Yes, Tom is emotional, but he directs his anger at poor execution. Technique. Tom is quite emotional about technique. He is a great technician. He is even adaptable.

In 1964, anyone caught in the alpha state (total mental relaxation) was fined. It was in the playbook fine schedule: Making Alpha Waves —$25 for every minute the player is blissed out. There was a sign in the training room: DON’T MAKE ALPHA WAVES. But today, ol’ adaptable Tom’s got players in isolation tanks going for alpha on purpose.

It is said that messing with a body’s alpha waves can lead to as yet unknown dangers. I believe it. I don’t let anybody touch my alpha waves, let alone borrow them.

• • •

In 1964, Tom Landry was the head coach of a losing system, an expansion team in the mighty NFL. The team played in the Cotton Bowl. Eddie LeBaron had retired and left the quarterback job to Don Meredith. Crowds seldom exceeded 25,000 to 30,000, most of them in the cheap end-zone seats.

Lamar Hunt had taken his AFL team out of Dallas to Kansas City. It has often been alleged that a secret agreement existed between Hunt and Murchison, allowing Hunt to buy into the Cowboys franchise should his Kansas City franchise fail. Obviously neither failed, but in 1964 the Dallas Cowboys were hardly a household word. I have a 1964 Cowboys schedule that shows Dandy Don running in that silly-ass old blue and white uniform with the stars on the shoulders. The team logo was still that little fat cowboy horse. Tickets were $5.50 at the top end and $1 at the low end. Kids got free footballs, and five kids under 12 were admitted free for every special general admission ticket.

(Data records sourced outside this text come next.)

Lemma ratio_le_of_big_dim (n f m k : nat) (S d q : R) : (0 < n)%N ->
  (f + m)%N = n -> (2 * k <= m)%N -> S <= (m - k)%:R ->
  expR (- S) * Num.sqrt n`!%:R < d -> 0 <= q ->
  (q * d) ^+ 2 <= (f`! * m ^ k)%:R ->
  q <= (e ^+ 2 / Num.sqrt n%:R) ^+ (m - k).
Proof.
move=> n0 fm km St big_d q0 qd; set t := (m - k)%N in St *.
have n_gt0 : (0 : R) < n%:R by rewrite ltr0n.
have w_gt0 : (0 : R) < n`!%:R by rewrite ltr0n fact_gt0.
have [e0 n_ge0] : 0 <= e /\ (0 : R) <= n%:R by rewrite expR_ge0 ler0n.
apply: le_div_sqrt_exp; rewrite ?exprn_ge0 //; rewrite -(ler_pM2r w_gt0).
have fact_le := fact_le_expR_sqr (ltW w_gt0) St big_d.
have qw : q ^+ 2 * n`!%:R <= e ^+ (2 * t) * (f`!%:R * n%:R ^+ k).
  apply: le_trans (ler_wpM2l (exprn_ge0 2 q0) fact_le) _.
  rewrite mulrCA -exprMn; apply: ler_wpM2l; first exact: exprn_ge0.
  apply: le_trans qd _; rewrite natrM natrX; apply: ler_wpM2l; first exact: ler0n.
  by rewrite lerXn2r ?nnegrE ?ler0n // ler_nat -fm leq_addl.
have fact_exp : f`!%:R * n%:R ^+ m <= e ^+ m * n`!%:R.
  by rewrite -fm fact_mul_exp_le.
have -> : q ^+ 2 * n%:R ^+ t * n`!%:R = n%:R ^+ t * (q ^+ 2 * n`!%:R) by ring.
apply: le_trans (ler_wpM2l (exprn_ge0 t n_ge0) qw) _.
have -> : (n%:R : R) ^+ t * (e ^+ (2 * t) * (f`!%:R * n%:R ^+ k)) =
          e ^+ (2 * t) * (f`!%:R * n%:R ^+ m).
  by rewrite (_ : m = k + t)%N /t ?exprD; [ring | lia].
have -> : (e ^+ 2) ^+ (2 * t) * n`!%:R = e ^+ (2 * t) * (e ^+ (2 * t) * n`!%:R).
  by rewrite -exprM mulrA -exprD; congr (_ ^+ _ * _); lia.
apply: ler_wpM2l; first exact: exprn_ge0.
apply: le_trans fact_exp _; apply: ler_wpM2r; first exact: ler0n.
by rewrite ler_weXn2l ?expR1_ge1 //; lia.
Qed.

End RealBounds.

Section AlgCtoR.
Variable R : realType.

Lemma algCtoR_le (x : algC) (B : R) : 0 <= x -> 0 <= B ->
  (forall q : rat, 0 <= q -> ratr q <= x -> ratr q <= B) -> algCtoR R x <= B.
Proof.
move=> x0 B0 xB; apply: ge_sup; first by exists 0, 0; rewrite /= ?rmorph0.
move=> _ [q qx <-]; have [q0 | q0] := leP 0 q; first exact: xB.
by apply: le_trans B0; rewrite lerq0 ltW.
Qed.

Lemma algCtoR_nat (d : nat) : algCtoR R d%:R = d%:R.
Proof.
have ub (q : rat) : (ratr q : algC) <= d%:R -> (ratr q : R) <= d%:R.
  by rewrite -(ratr_nat algC d) -(ratr_nat R d) !ler_rat.
apply/le_anti/andP; split; first by apply: algCtoR_le; rewrite ?ler0n // => q _; apply: ub.
apply: ub_le_sup; first by exists d%:R => _ [q qd <-]; apply: ub.
by exists d%:R; rewrite /= ratr_nat.
Qed.

Lemma algCtoR_le_sqr (x : algC) (d N : nat) (B : R) : 0 <= x -> 0 <= B ->
  (x * d%:R) ^+ 2 <= N%:R ->
  (forall q : R, 0 <= q -> (q * d%:R) ^+ 2 <= N%:R -> q <= B) -> algCtoR R x <= B.
Proof.
move=> x0 B0 xN qB; apply: algCtoR_le => // q q0 qx; apply: qB; first by rewrite ler0q.
have ratr_sqr (F : numFieldType) : ((ratr q : F) * d%:R) ^+ 2 = ratr ((q * d%:R) ^+ 2).
  by rewrite rmorphXn rmorphM rmorph_nat.
rewrite ratr_sqr -(ratr_nat R N) ler_rat -(ler_rat algC) -ratr_sqr ratr_nat.
apply: le_trans xN; rewrite lerXn2r ?nnegrE ?(mulr_ge0 _ (ler0n _ _)) ?ler0q //.
exact: ler_wpM2r.
Qed.

End AlgCtoR.

Lemma long_cycle_le (R : realType) (n : nat) (s : 'S_n) :
  expR 1 <= n%:R :> R -> has_long_cycle R s ->
  Num.sqrt (n%:R : R) * ln (n%:R : R) <= (#|perm_supp s| - #|porbit_reps s|)%:R.
Proof.
move=> en [x long_x]; have n1 : 1 <= n%:R :> R := le_trans (expR1_ge1 R) en.
have S1 : 1 <= Num.sqrt (n%:R : R) * ln (n%:R : R).
  apply: mulr_ege1; first by rewrite -[X in X <= _]sqrtr1 ler_sqrt ?ler0n.
  by rewrite -[X in X <= _](expRK 1) ler_ln ?posrE ?expR_gt0 ?(lt_le_trans ltr01 n1).
have : (#|porbit s x|%:R : R) <= (#|perm_supp s| - #|porbit_reps s|)%:R + 1.
  by rewrite natr1 ler_nat card_porbits_le.
by move: long_x; rewrite -mulrA; lra.
Qed.

Theorem lemma8 (R : realType) :
  exists A : R, exists N : nat, forall n : nat, (N <= n)%N ->
    forall (i : Iirr [set: 'S_n]%G) (s : 'S_n),
      @big_irr R _ i -> @has_long_cycle R _ s ->
      @algCtoR R `|'chi_i s / 'chi_i 1%g| <=
        A ^+ tmin s * (Num.sqrt (n%:R : R)) ^- tmin s.
Proof.
pose E := expR (1 : R); have E1 : 1 <= E := expR1_ge1 R.
exists (E ^+ 2), (Num.truncn (E ^+ 4)).+1 => n n_large i s big_i long_s.
have E4n : E ^+ 4 <= n%:R.
  by apply/ltW/(lt_le_trans (truncnS_gt _)); rewrite ler_nat.
have En : E <= n%:R by apply: le_trans E4n; rewrite -{1}[E]expr1 ler_eXnr.
have n0 : (0 < n)%N by rewrite -(ltr_nat R) (lt_le_trans _ En) ?(lt_le_trans ltr01).
have ratio0 : 0 <= E ^+ 2 / Num.sqrt (n%:R : R).
  by rewrite divr_ge0 ?exprn_ge0 ?expR_ge0 ?sqrtr_ge0.
rewrite -exprVn -exprMn.
apply: le_trans (ler_wiXn2l ratio0 (exp2_div_sqrt_le1 E4n) (tmin_le s)).
have [d chi1] : exists d, 'chi_i 1%g = d%:R by apply/natrP; exact: Cnat_irr1.
have d0 : (0 < d)%N by rewrite -(ltr_nat algC) -chi1 irr1_gt0.
rewrite /big_irr chi1 algCtoR_nat in big_i; rewrite chi1.
have fm := card_perm_fix_supp s; rewrite card_ord in fm.
apply: (algCtoR_le_sqr (d := d) (normr_ge0 _) (exprn_ge0 _ ratio0)).
  rewrite normf_div normr_nat divfK ?pnatr_eq0 -?lt0n //.
  exact: irr_sqr_norm_le_perm.
move=> q q0 qd; apply: ratio_le_of_big_dim n0 fm (card_porbit_reps s) _ big_i q0 qd.
exact: long_cycle_le.
Qed.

Twenty-five thousand to 35,000 people at a game. Tops.

The Dallas Cowboys were not well known even in Dallas — let alone Texas or the whole planet, which now seems to be the case.

In 1964, I got to play maybe three or four plays, not counting special teams. I might have gotten to play more in 1964. Green Bay was beating us something like 41 to 21 (our defense having scored 14 of the 21, including a touchdown scored after Paul Hornung, Warren Livingston, Jim Taylor, and Cornell Green fumbled a ball back and forth the length of the field from about our 15 to the Green Bay end zone).

It was during that Green Bay game that Tom called me to his side and told me to get ready to go in for Buddy Dial. It was to be my first game action from scrimmage.

I inquired if Tom thought it was safe for me to go out there.

He didn’t say anything, but gave me a funny look.

I got to play two or three plays, and it certainly didn’t seem very safe. John Roach was working at quarterback. John didn’t think it was all that safe either.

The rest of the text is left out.